(* Let $\gamma(z)=\sum_{n=1}^{\infty} z^{n-1}\left(\frac{1}{n}-\log\frac{n+1}{n}\right)$ for $|z|\le 1$, and for $k=2,3,\ldots$ and $|z|\le1$ let $\mathrm{Li}_k(z)=\sum_{n=1}^{\infty} \frac{z^n}{n^k}$. If $|z|\le 1$, then $$z\gamma(z)=\sum_{k=2}^{\infty}(-1)^k\frac{\mathrm{Li}_k(z)}{k}.$$ If in addition $z\neq 1$, then $$z^2\gamma(z)=z+(1-z)\log(1-z)-\sum_{k=2}^{\infty}\frac{\mathrm{Li}_k(z)-z}{k}.$$
   Context: For $z\neq 0$, $\log z=\ln|z|+i\,\mathrm{Arg}\,z$ with $-\pi<\mathrm{Arg}\,z\le\pi$. The series defining $\gamma(z)$ converges for $|z|\le 1$; $\gamma(z)$ is called the generalized-Euler-constant function. *)

From Stdlib Require Import Reals.
From Coquelicot Require Import Coquelicot.
Open Scope R_scope.

(* Sum of a complex series, taken componentwise (= the limit of partial sums
   whenever the series converges in C). *)
Definition CSeries (a : nat -> C) : C :=
  (Series (fun n => Re (a n)), Series (fun n => Im (a n))).

(* Principal argument Arg z in (-PI, PI] (the usual atan2); Arg 0 := 0. *)
Definition Arg (z : C) : R :=
  let x := Re z in let y := Im z in
  if Rlt_dec 0 x then atan (y / x)
  else if Rlt_dec x 0 then
    (if Rle_dec 0 y then atan (y / x) + PI else atan (y / x) - PI)
  else (if Rlt_dec 0 y then PI / 2
        else if Rlt_dec y 0 then - (PI / 2) else 0).

Definition Clog (z : C) : C := (ln (Cmod z), Arg z).

(* gamma(z) = sum_{n>=1} z^(n-1) (1/n - log((n+1)/n)); index shifted n = m+1. *)
Definition gamma_term (z : C) (m : nat) : C :=
  Cmult (pow_n z m)
    (Cminus (RtoC (/ INR (S m))) (Clog (RtoC (INR (S (S m)) / INR (S m))))).
Definition gammaC (z : C) : C := CSeries (gamma_term z).

(* Li_k(z) = sum_{n>=1} z^n / n^k; index shifted n = m+1. *)
Definition Li (k : nat) (z : C) : C :=
  CSeries (fun m : nat => Cdiv (pow_n z (S m)) (RtoC (INR (S m) ^ k))).

From Stdlib Require Import Reals Lra Lia.
From Coquelicot Require Import Coquelicot.
Open Scope R_scope.

(* With h(y) = -log(1-y) - y = sum_{k>=2} y^k/k, the n-th term z^(n-1) (1/n - log(1+1/n))
   of gamma(z) equals z^(n-1) h(-1/n), and also z^(n-1) (1/n - 1/(n+1)) - z^(n-1) h(1/(n+1)).
   Apart from h(-1), all arguments of h here lie in [-1/2, 1/2], where the tail of its
   expansion after y^k is O(2^-k y^2); so sum_n z^(n-1) h(+-1/(n+1)) can be expanded and
   summed over n first, and as sum_n z^(n+1) / (n+1)^k = Li_k(z) - z this gives
   z^2 sum_n z^(n-1) h(+-1/(n+1)) = sum_k (+-1)^k (Li_k(z) - z) / k.
   The remaining pieces, h(-1) = 1 - log 2 = sum_k (-1)^k / k and
   z^2 sum_n z^(n-1) (1/n - 1/(n+1)) = z + (1 - z) log(1 - z), are instances of
   -log(1 - w) = sum_n w^n / n on the closed unit disc minus 1.  That expansion follows from
   the mean value theorem applied to the real and imaginary parts of
   t |-> log(1 - t w) + sum_(n<=N) (t w)^n / n, whose derivative is -t^N w^(N+1) / (1 - t w). *)

Lemma is_series_of_bound (a e : nat -> R) (l : R) :
  is_lim_seq e 0 -> (forall N, Rabs (sum_n a N - l) <= e N) -> is_series a l.
Proof.
  intros He H. change (is_lim_seq (sum_n a) l).
  apply (is_lim_seq_le_le (fun N => l - e N) _ (fun N => l + e N)).
  - intros N. specialize (H N). apply Rabs_le_between in H. lra.
  - replace (Finite l) with (Rbar_minus l 0) by (simpl; f_equal; ring).
    apply is_lim_seq_minus'; [apply is_lim_seq_const | exact He].
  - replace (Finite l) with (Rbar_plus l 0) by (simpl; f_equal; ring).
    apply is_lim_seq_plus'; [apply is_lim_seq_const | exact He].
Qed.
(* Let $q$ be a prime power and $k\ge3$, $h\ge2$ integers, and $1\le u_0<u_1\le\dots\le u_h$ integers. Let $U_0,U_1,\dots,U_h$ be subspaces of $\mathbf F_q^k$ of dimensions $u_0,u_1,\dots,u_h$ with $U_i\cap U_j=U_0$ for all distinct $i,j\in\{1,\dots,h\}$, and assume $q^k-q^{k-1}>q^{u_0}-1+\sum_{i=1}^h(q^{u_i}-q^{u_0})$. Let $U$ be the set of nonzero vectors of $\mathbf F_q^k$ not in $U_1\cup\dots\cup U_h$, let $\widetilde G$ be a matrix whose columns consist of exactly one representative of each class $\{\lambda\mathbf v:\lambda\in\mathbf F_q^*\}$, $\mathbf v\in U$, and let $\mathbf C$ be the linear code with generator matrix $\widetilde G$. 1) If $u_1=\dots=u_{s_1}<u_{s_1+1}=\dots=u_{s_1+s_2}<\dots<u_{s_1+\dots+s_{t-1}+1}=\dots=u_{s_1+\dots+s_t}$ with $1\le s_i<q$ for $i=1,\dots,t$ and $h=s_1+\dots+s_t$, then the Griesmer defect of $\mathbf C$ is at most $(h-1)\frac{q^{u_0}-1}{q-1}$. 2) If $u_1=\dots=u_h=u$, then the Griesmer defect of $\mathbf C$ is at most $(h-1)\frac{q^{u_0}-1}{q-1}+\sum_{i=1}^{k-u}\lfloor h/q^i\rfloor$.
   Context: For a linear $[n,k,d]_q$ code, $g_q(k,d)=\sum_{i=0}^{k-1}\lceil d/q^i\rceil$ and the Griesmer defect is $n-g_q(k,d)$. *)

From HB Require Import structures.
From mathcomp Require Import all_boot all_order all_algebra all_field.
Set Implicit Arguments. Unset Strict Implicit. Unset Printing Implicit Defensive.
Import GRing.Theory.

Local Open Scope ring_scope.

Definition wt (F : fieldType) (n : nat) (c : 'rV[F]_n) : nat :=
  #|[set j : 'I_n | c 0 j != 0]|.

Definition min_dist (F : finFieldType) (k n : nat) (G : 'M[F]_(k, n)) : nat :=
  \big[minn/n]_(x : 'rV[F]_k | x *m G != 0) wt (x *m G).

Definition ceil_div (a b : nat) : nat := ((a + b - 1) %/ b)%N.

Definition griesmer (q k d : nat) : nat := (\sum_(i < k) ceil_div d (q ^ i))%N.

Definition griesmer_defect (F : finFieldType) (k n : nat) (G : 'M[F]_(k, n)) : nat :=
  (n - griesmer #|F| (\rank G) (min_dist G))%N.
(* Consider the cache-aided combination network described in the context with user cache size $M$ and relay cache size $N$ satisfying $0<M+rN\le D$. Then every achievable rate pair $(R_1,R_2)$ satisfies $$R_1\ge \max\left(\max_{l\in\{r,\dots,h\}}\ \max_{s\in\{1,\dots,\min(D,\binom{l}{r})\}}\frac1l\Big(s-\frac{sM+lN}{\lfloor D/s\rfloor}\Big),\ \max_{x\in\{1,\dots,\min(D,K)\}}\frac1u\Big(x-\frac{xM+uN}{\lfloor D/x\rfloor}\Big)\right),$$ where $u=\min(x+r-1,h)$, and $$R_2\ge \frac1r\Big(1-\frac MD\Big).$$
   Context: Combination network: a server holds $D$ independent files $W_1,\dots,W_D$, each uniformly distributed over $F$ bits. There are $h$ relay nodes $\Gamma_1,\dots,\Gamma_h$ and $K=\binom{h}{r}$ end users ($r<h$); each end user is connected to a distinct set of $r$ relays (one user for each $r$-subset), so each relay is connected to $\hat K=\binom{h-1}{r-1}$ users. The server is connected to every relay; all links are noiseless unicast links. Assume $K\le D$. Each end user has a cache of $MF$ bits, each relay a cache of $NF$ bits. Placement phase (before demands): relay $j$ stores $V_j$, user $k$ stores $Z_k$, functions of the files with $H(V_j)\le NF$, $H(Z_k)\le MF$. Delivery phase: user $k$ requests $W_{d_k}$ for an arbitrary demand vector $\mathbf d\in\{1,\dots,D\}^K$; the server sends relay $\Gamma_i$ a signal $X_{i,\mathbf d}$ of $R_1F$ bits; relay $\Gamma_i$ sends each connected user $k$ a signal $Y_{i,\mathbf d,k}$ of $R_2F$ bits, a function of $X_{i,\mathbf d},V_i,\mathbf d$; user $k$ decodes from $Z_k$, $\mathbf d$ and its $r$ received signals. $(R_1,R_2)$ (normalized by $F$) is achievable if for every $\epsilon>0$ and all sufficiently large $F$ there is such a scheme with $\max_{\mathbf d,k}P(\hat W_{d_k}\ne W_{d_k})<\epsilon$. *)

From HB Require Import structures.
From mathcomp Require Import all_boot all_order all_algebra.
From mathcomp Require Import reals exp.
Set Implicit Arguments. Unset Strict Implicit. Unset Printing Implicit Defensive.
Import Order.TTheory GRing.Theory Num.Theory.
Local Open Scope ring_scope.
Lemma prefix_prodS_end t :
  u t.+1 (t + n)%N%:Z = u t (t + nth false msk t)%N%:Z + n%:Z.
Proof.
have [u_per _ _] := affine_perm_prefix_prod t.
rewrite prefix_prodS PoszD; case: (nth false msk t) => /=; last by rewrite addn0 u_per.
by rewrite sref_addn sref_modn_at // addrAC u_per -addn1 PoszD.
Qed.

Definition step_cls t := cls (u t.+1 t.+1%:Z).

Local Notation occ := (occ step_cls).

(* The position of a value in the window t, ..., t + n - 1 of u t is determined by its
   class, its level, and the number of earlier steps of the same class. *)
Definition window_inv t := forall d, (d < n)%N ->
  let y := u t (t + d)%N%:Z in
  (t + d - (d != 0%N))%N%:Z = (cls y)%:Z + (occ (cls y) t)%:Z + n.-1%:Z * quo y.

Lemma window_inv0 : window_inv 0.
Proof.
case=> [|d] d_lt /=.
  have [-> ->] : cls 0 = n.-1 /\ quo 0 = -1 by apply: cls_quo_uniq => //; lia.
  by rewrite /occ /=; lia.
have [-> ->] : cls d.+1%:Z = d /\ quo d.+1%:Z = 0 by apply: cls_quo_uniq => //; lia.
by rewrite /occ /=; lia.
Qed.

Lemma cls_prefix_prodS_neq t d : (0 < d < n)%N -> cls (u t.+1 (t.+1 + d)%N%:Z) != step_cls t.
Proof.
have [u_per u_inj _] := affine_perm_prefix_prod t.+1.
move=> d_rng; apply: periodic_inj_cls_neq => //; first by apply/eqP; lia.
by rewrite PoszD addrAC subrr add0r; lia.
Qed.
(* Let $(g,f)$ be a Riordan matrix with $f(t)=\sum_{j\ge1}f_jt^j$, let $Z(t)=\sum_{j\ge0}z_jt^j$ be the generating function of its $Z$-sequence, and let $\bar f(t)=\sum_{j\ge1}\bar f_jt^j$ be the compositional inverse of $f$ (with $\bar f_0=0$). Then a sequence $(\hat b_j)_{j\ge0}$ is a type-II $B$-sequence of $(g,f)$ if and only if $\hat b_0=z_0$, $z_1=0$, for every $\ell\ge1$ $$\hat b_\ell=f_1^{\ell}\Big(z_{2\ell}-\sum_{\mathbf i=(i_1,\dots,i_k)\in\mathcal D_{2\ell,\ell-1}}\hat b_k\,\bar f_{i_1-1}\bar f_{i_2-1}\cdots\bar f_{i_k-1}\Big),$$ and for every $\ell\ge1$ $$z_{2\ell+1}=\sum_{\mathbf i=(i_1,\dots,i_k)\in\mathcal D_{2\ell+1,\ell}}\hat b_k\,\bar f_{i_1-1}\bar f_{i_2-1}\cdots\bar f_{i_k-1}.$$ (Thus $\hat b_1=f_1z_2$, $z_3=\hat b_1\bar f_2$, $\hat b_2=f_1^2(z_4-\hat b_1\bar f_3)$, $z_5=\hat b_1\bar f_4+2\hat b_2\bar f_1\bar f_2$, etc., with $z_{2\ell}$ arbitrary.)
   Context: Let $K$ be $\mathbb{R}$ or $\mathbb{C}$. A (proper) Riordan matrix is a pair $(g,f)$ of formal power series in $K[[t]]$ with $g(0)=1$, $f(0)=0$, $f'(0)\neq 0$, identified with the infinite lower triangular matrix $(d_{n,k})_{n,k\ge0}$, $d_{n,k}=[t^n]g(t)f(t)^k$; we set $d_{n,k}=0$ if $n<0$, $k<0$ or $k>n$. The $Z$-sequence of $(g,f)$ is the unique sequence whose generating function $Z(t)$ satisfies $g(t)=1/(1-tZ(f(t)))$. A type-II $B$-sequence is a sequence $(\hat b_j)_{j\ge0}$ such that $d_{n+1,0}=\sum_{j\ge0}\hat b_j d_{n-j,j}$ for all $n\ge0$. For positive integers $n,m$, $\mathcal D_{n,m}$ is the set of compositions of $n$ into at most $m$ parts, i.e. tuples $(i_1,\dots,i_k)$ of positive integers with $1\le k\le m$ and $i_1+\cdots+i_k=n$; $k$ is the length. By convention $\mathcal D_{2,0}=\emptyset$ (empty sums are $0$). *)

From HB Require Import structures.
From mathcomp Require Import all_boot all_order all_algebra.
Set Implicit Arguments. Unset Strict Implicit. Unset Printing Implicit Defensive.
Import Order.TTheory GRing.Theory Num.Theory.
Local Open Scope ring_scope.

Definition fps (K : Type) := nat -> K.

Section FPS.
Variable K : numFieldType.

Definition fps1 : fps K := fun n => (n == 0)%:R.
Definition fpsX : fps K := fun n => (n == 1)%:R.

Definition fps_mul (a b : fps K) : fps K :=
  fun n => \sum_(i < n.+1) a i * b (n - i)%N.

Definition fps_sub (a b : fps K) : fps K := fun n => a n - b n.

Definition fps_pow (a : fps K) (k : nat) : fps K := iter k (fps_mul a) fps1.

(* composition a(b(t)), meaningful when b(0) = 0 *)
Definition fps_comp (a b : fps K) : fps K :=
  fun n => \sum_(k < n.+1) a k * fps_pow b k n.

Instructions to follow: Write out the records exactly, starting at the first line and stopping after the line that contains "From Stdlib Require Import Reals.".

Result of this task:
(* Let $\gamma(z)=\sum_{n=1}^{\infty} z^{n-1}\left(\frac{1}{n}-\log\frac{n+1}{n}\right)$ for $|z|\le 1$, and for $k=2,3,\ldots$ and $|z|\le1$ let $\mathrm{Li}_k(z)=\sum_{n=1}^{\infty} \frac{z^n}{n^k}$. If $|z|\le 1$, then $$z\gamma(z)=\sum_{k=2}^{\infty}(-1)^k\frac{\mathrm{Li}_k(z)}{k}.$$ If in addition $z\neq 1$, then $$z^2\gamma(z)=z+(1-z)\log(1-z)-\sum_{k=2}^{\infty}\frac{\mathrm{Li}_k(z)-z}{k}.$$
   Context: For $z\neq 0$, $\log z=\ln|z|+i\,\mathrm{Arg}\,z$ with $-\pi<\mathrm{Arg}\,z\le\pi$. The series defining $\gamma(z)$ converges for $|z|\le 1$; $\gamma(z)$ is called the generalized-Euler-constant function. *)

From Stdlib Require Import Reals.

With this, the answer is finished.